We tend to see more outer loop friction points than inner loop. So code reviews, CI, and release processes tend to surface as greater areas of friction than the inner loop.

We now have the tools to address these outer loop friction points, automating away the steps we know add value but don’t enjoy doing. While these tools are still relatively simple, they represent a natural evolution in the AI-driven development era - one that unlocks opportunities far beyond just writing code.

Final Thoughts

When I first encountered these terminal-based tools, I couldn’t help but wonder if we were taking a step backward. But that initial reaction missed something important: this isn’t about the interface - it’s about programmability.

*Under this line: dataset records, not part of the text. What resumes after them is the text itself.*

Lemma first_sum_le (n : nat) : (2 <= n)%nat ->
  sum_n_m (fun j => 1 / (xnode n j - xnode n 0)) 1 n <= PI ^ 2 * INR n ^ 2 / 12.
Proof.
  intros Hn. assert (HN : 2 <= INR n) by (apply (le_INR 2); lia).
  eapply Rle_trans.
  { apply (sum_n_m_le_loc _ (fun j => 2 * INR n ^ 2 / PI ^ 2 * / INR j ^ 2 + 1)).
    apply inv_xnode_sub_first_le. }
  rewrite sum_n_m_add, sum_n_m_scal, sum_n_m_const.
  replace (S n - 1)%nat with n by lia.
  eapply Rle_trans; [|apply PI_sq_div_12_ge; exact HN].
  apply Rplus_le_compat; [|lra].
  pose proof PI_RGT_0.
  apply Rmult_le_compat_l; [apply Rdiv_le_0_compat; nra|].
  apply sum_inv_sq_le. exact Hn.
Qed.

Lemma PI_sq_div_12_lt (N : R) : 0 < N -> PI ^ 2 * N ^ 2 / 12 < 9 / 10 * N ^ 2.
Proof.
  intros HN. pose proof PI_lt_32_10. pose proof PI_RGT_0.
  assert (PI ^ 2 < 108 / 10) by nra.
  assert (0 < N ^ 2) by nra. nra.
Qed.

Lemma interior_const_lt (N : R) : 0 < N ->
  N ^ 2 / (4 * sqrt 2) * (1 + ln 3 + 3 * ln 5) < 13 / 10 * N ^ 2.
Proof.
  intros HN.
  assert (Hs : 0 < sqrt 2) by (apply sqrt_lt_R0; lra).
  assert (sqrt 2 * sqrt 2 = 2) by (apply sqrt_sqrt; lra).
  assert (141 / 100 < sqrt 2) by nra.
  pose proof ln_3_le. pose proof ln_5_le.
  assert (0 < N ^ 2) by nra.
  apply Rmult_lt_reg_r with (4 * sqrt 2); [lra|].
  replace (N ^ 2 / (4 * sqrt 2) * (1 + ln 3 + 3 * ln 5) * (4 * sqrt 2))
    with (N ^ 2 * (1 + ln 3 + 3 * ln 5)) by (field; lra).
  nra.
Qed.

Theorem lemma8 (n : nat) (Hn : (2 <= n)%nat) :
  (forall k : nat, (1 <= k)%nat -> (2 * k <= n)%nat ->
     (sum_n_m (fun j => 1 / (xnode n k - xnode n j)) 0 (k - 1)
        <= (1 + INR k * ln (4 * INR k - 1))
           / (2 * sin (INR k * PI / INR n) * sin (INR k * PI / (2 * INR n)))
      /\ (1 + INR k * ln (4 * INR k - 1))
           / (2 * sin (INR k * PI / INR n) * sin (INR k * PI / (2 * INR n)))
         <= INR n ^ 2 / (4 * sqrt 2 * INR k ^ 2) * (1 + INR k * ln (4 * INR k - 1)))
  /\ sum_n_m (fun j => 1 / (xnode n j - xnode n k)) (k + 1) n
       <= 3 * INR n ^ 2 / (4 * sqrt 2 * INR k) * ln (4 * INR k + 1)
  /\ sum_n_m (fun j => if Nat.eqb j k then 0 else 1 / Rabs (xnode n k - xnode n j)) 0 n
       <= INR n ^ 2 / (4 * sqrt 2) * (1 + ln 3 + 3 * ln 5)
  /\ INR n ^ 2 / (4 * sqrt 2) * (1 + ln 3 + 3 * ln 5) < 13 / 10 * INR n ^ 2)
  /\
  (sum_n_m (fun j => 1 / (xnode n j - xnode n 0)) 1 n <= PI ^ 2 * INR n ^ 2 / 12
   /\ PI ^ 2 * INR n ^ 2 / 12 < 9 / 10 * INR n ^ 2).
Proof.
  assert (HN : 0 < INR n) by (apply lt_0_INR; lia).
  split.
  - intros k Hk Hkn.
    split; [split|split; [|split]].
    + apply left_sum_le; assumption.
    + apply left_bound_le; assumption.
    + apply right_sum_le; assumption.
    + apply sum_inv_abs_le; assumption.
    + apply interior_const_lt. exact HN.
  - split.
    + apply first_sum_le. exact Hn.
    + apply PI_sq_div_12_lt. exact HN.
Qed.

Just as git’s command-line interface enabled countless automation workflows, these AI assistants can be invoked programmatically to work silently in the background - from reviewing code to generating documentation to managing releases.

This is how evolution often works - not in dramatic leaps, but in subtle shifts that fundamentally change how we work. Software engineering isn’t dead, but it is changing. The next step is yours to take: look at your development workflow, identify the friction points, and consider how to weave these capabilities into your pipeline.